TASK TO CARRY OUT.
The answer should consist of each line from the data below that includes "Arguments".

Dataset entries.
------------------------------
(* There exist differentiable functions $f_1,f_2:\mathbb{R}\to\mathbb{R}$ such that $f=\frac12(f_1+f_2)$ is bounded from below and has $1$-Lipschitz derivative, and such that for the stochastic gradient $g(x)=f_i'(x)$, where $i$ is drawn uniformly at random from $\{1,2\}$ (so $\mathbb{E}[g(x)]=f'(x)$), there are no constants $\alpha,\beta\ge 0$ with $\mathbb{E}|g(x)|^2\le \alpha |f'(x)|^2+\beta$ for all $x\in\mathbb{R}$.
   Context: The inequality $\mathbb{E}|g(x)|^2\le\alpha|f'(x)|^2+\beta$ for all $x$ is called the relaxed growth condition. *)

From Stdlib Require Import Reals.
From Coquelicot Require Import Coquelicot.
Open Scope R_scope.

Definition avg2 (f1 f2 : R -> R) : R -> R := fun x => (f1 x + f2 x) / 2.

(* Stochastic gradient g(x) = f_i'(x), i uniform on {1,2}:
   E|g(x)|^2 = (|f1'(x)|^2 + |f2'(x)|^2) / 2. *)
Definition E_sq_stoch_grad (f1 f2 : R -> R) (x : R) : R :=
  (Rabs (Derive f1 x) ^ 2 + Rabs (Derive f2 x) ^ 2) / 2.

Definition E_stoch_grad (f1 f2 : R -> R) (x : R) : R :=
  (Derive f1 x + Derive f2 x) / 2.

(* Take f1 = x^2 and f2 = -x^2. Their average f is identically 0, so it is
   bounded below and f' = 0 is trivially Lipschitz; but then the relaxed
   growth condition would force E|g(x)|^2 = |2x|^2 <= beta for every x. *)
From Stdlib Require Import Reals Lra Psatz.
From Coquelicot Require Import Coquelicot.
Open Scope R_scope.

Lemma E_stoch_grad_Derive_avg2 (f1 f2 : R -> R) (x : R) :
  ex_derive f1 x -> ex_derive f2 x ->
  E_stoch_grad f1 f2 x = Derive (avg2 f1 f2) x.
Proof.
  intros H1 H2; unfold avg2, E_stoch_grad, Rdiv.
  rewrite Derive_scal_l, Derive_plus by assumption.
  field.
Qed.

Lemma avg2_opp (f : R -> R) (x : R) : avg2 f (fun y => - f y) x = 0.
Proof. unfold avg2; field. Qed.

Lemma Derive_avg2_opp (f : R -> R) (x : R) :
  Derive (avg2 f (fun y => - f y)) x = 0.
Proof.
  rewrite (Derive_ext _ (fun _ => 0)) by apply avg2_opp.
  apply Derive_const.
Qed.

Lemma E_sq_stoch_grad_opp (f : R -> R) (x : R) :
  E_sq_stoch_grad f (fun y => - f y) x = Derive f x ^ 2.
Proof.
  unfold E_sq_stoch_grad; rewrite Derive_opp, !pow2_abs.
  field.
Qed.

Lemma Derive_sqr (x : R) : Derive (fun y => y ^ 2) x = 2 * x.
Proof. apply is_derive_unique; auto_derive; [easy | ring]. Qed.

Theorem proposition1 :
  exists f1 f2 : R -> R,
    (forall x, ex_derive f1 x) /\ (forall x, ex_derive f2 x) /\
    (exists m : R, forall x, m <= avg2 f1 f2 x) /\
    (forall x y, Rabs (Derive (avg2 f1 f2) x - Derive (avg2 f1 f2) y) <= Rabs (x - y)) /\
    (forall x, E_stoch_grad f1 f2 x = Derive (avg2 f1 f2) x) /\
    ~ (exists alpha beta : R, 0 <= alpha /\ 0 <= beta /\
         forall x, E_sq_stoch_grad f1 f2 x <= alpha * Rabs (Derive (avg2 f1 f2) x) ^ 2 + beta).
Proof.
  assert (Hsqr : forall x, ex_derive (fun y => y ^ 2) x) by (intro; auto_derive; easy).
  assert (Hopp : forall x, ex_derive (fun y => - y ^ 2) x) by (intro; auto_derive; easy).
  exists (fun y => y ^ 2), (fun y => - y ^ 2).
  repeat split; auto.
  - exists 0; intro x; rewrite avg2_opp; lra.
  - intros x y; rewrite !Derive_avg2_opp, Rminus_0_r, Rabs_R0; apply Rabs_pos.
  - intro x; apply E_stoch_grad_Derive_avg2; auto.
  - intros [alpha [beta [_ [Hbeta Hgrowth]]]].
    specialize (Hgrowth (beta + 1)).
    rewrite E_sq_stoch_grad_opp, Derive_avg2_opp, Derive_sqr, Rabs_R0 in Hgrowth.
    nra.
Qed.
------------------------------
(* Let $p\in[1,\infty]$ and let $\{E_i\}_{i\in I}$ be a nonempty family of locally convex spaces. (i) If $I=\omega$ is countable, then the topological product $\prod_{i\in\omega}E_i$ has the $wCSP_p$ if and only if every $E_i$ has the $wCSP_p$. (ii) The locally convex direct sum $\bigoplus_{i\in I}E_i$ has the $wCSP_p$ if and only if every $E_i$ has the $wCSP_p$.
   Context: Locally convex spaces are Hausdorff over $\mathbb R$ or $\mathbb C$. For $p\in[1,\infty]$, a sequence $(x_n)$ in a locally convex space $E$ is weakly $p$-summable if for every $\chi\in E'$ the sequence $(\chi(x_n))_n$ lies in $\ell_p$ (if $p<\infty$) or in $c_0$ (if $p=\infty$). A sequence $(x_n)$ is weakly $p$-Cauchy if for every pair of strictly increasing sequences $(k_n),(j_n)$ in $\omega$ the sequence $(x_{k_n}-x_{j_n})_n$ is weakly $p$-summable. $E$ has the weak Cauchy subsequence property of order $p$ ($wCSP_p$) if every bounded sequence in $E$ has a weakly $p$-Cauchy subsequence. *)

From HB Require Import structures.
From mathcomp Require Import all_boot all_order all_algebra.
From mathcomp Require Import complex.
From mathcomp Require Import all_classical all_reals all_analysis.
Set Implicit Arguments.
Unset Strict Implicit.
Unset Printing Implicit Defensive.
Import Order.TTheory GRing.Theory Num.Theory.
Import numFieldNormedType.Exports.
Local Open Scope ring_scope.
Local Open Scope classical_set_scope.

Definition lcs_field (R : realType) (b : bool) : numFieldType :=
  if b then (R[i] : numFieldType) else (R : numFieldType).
------------------------------
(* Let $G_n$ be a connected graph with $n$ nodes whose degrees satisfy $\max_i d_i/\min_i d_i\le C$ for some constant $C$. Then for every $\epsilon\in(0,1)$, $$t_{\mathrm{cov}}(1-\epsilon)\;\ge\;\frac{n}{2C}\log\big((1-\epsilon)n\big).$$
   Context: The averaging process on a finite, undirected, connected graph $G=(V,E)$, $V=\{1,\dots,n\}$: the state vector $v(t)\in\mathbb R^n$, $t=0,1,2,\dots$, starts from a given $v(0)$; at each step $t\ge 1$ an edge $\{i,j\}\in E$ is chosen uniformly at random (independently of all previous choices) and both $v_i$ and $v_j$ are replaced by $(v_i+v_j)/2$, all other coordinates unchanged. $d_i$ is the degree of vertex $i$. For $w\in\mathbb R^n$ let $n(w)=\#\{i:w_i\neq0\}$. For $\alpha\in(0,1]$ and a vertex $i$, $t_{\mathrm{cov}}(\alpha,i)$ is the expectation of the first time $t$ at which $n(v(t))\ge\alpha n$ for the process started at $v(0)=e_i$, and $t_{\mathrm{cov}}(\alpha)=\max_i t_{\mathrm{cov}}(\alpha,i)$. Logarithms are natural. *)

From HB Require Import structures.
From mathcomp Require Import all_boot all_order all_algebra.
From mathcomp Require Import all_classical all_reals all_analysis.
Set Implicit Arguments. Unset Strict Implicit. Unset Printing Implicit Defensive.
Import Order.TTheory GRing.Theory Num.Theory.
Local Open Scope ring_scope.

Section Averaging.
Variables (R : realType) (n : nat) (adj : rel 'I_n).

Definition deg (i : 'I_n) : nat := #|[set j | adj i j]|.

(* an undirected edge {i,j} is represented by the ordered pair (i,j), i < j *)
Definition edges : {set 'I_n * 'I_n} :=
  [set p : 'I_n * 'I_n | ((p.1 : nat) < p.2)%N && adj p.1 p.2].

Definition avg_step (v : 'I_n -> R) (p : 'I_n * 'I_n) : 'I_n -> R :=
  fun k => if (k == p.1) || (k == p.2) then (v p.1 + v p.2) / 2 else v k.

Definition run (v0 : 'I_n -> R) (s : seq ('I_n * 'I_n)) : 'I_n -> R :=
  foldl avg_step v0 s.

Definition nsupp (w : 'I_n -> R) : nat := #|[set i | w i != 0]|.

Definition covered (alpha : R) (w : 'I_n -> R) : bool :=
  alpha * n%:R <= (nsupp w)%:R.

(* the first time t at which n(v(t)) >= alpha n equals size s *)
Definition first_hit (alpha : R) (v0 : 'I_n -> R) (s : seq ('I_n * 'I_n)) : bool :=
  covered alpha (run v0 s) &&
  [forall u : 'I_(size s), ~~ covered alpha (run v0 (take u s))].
------------------------------
TASK SOLUTION.
Set Implicit Arguments.
Set Implicit Arguments. Unset Strict Implicit. Unset Printing Implicit Defensive.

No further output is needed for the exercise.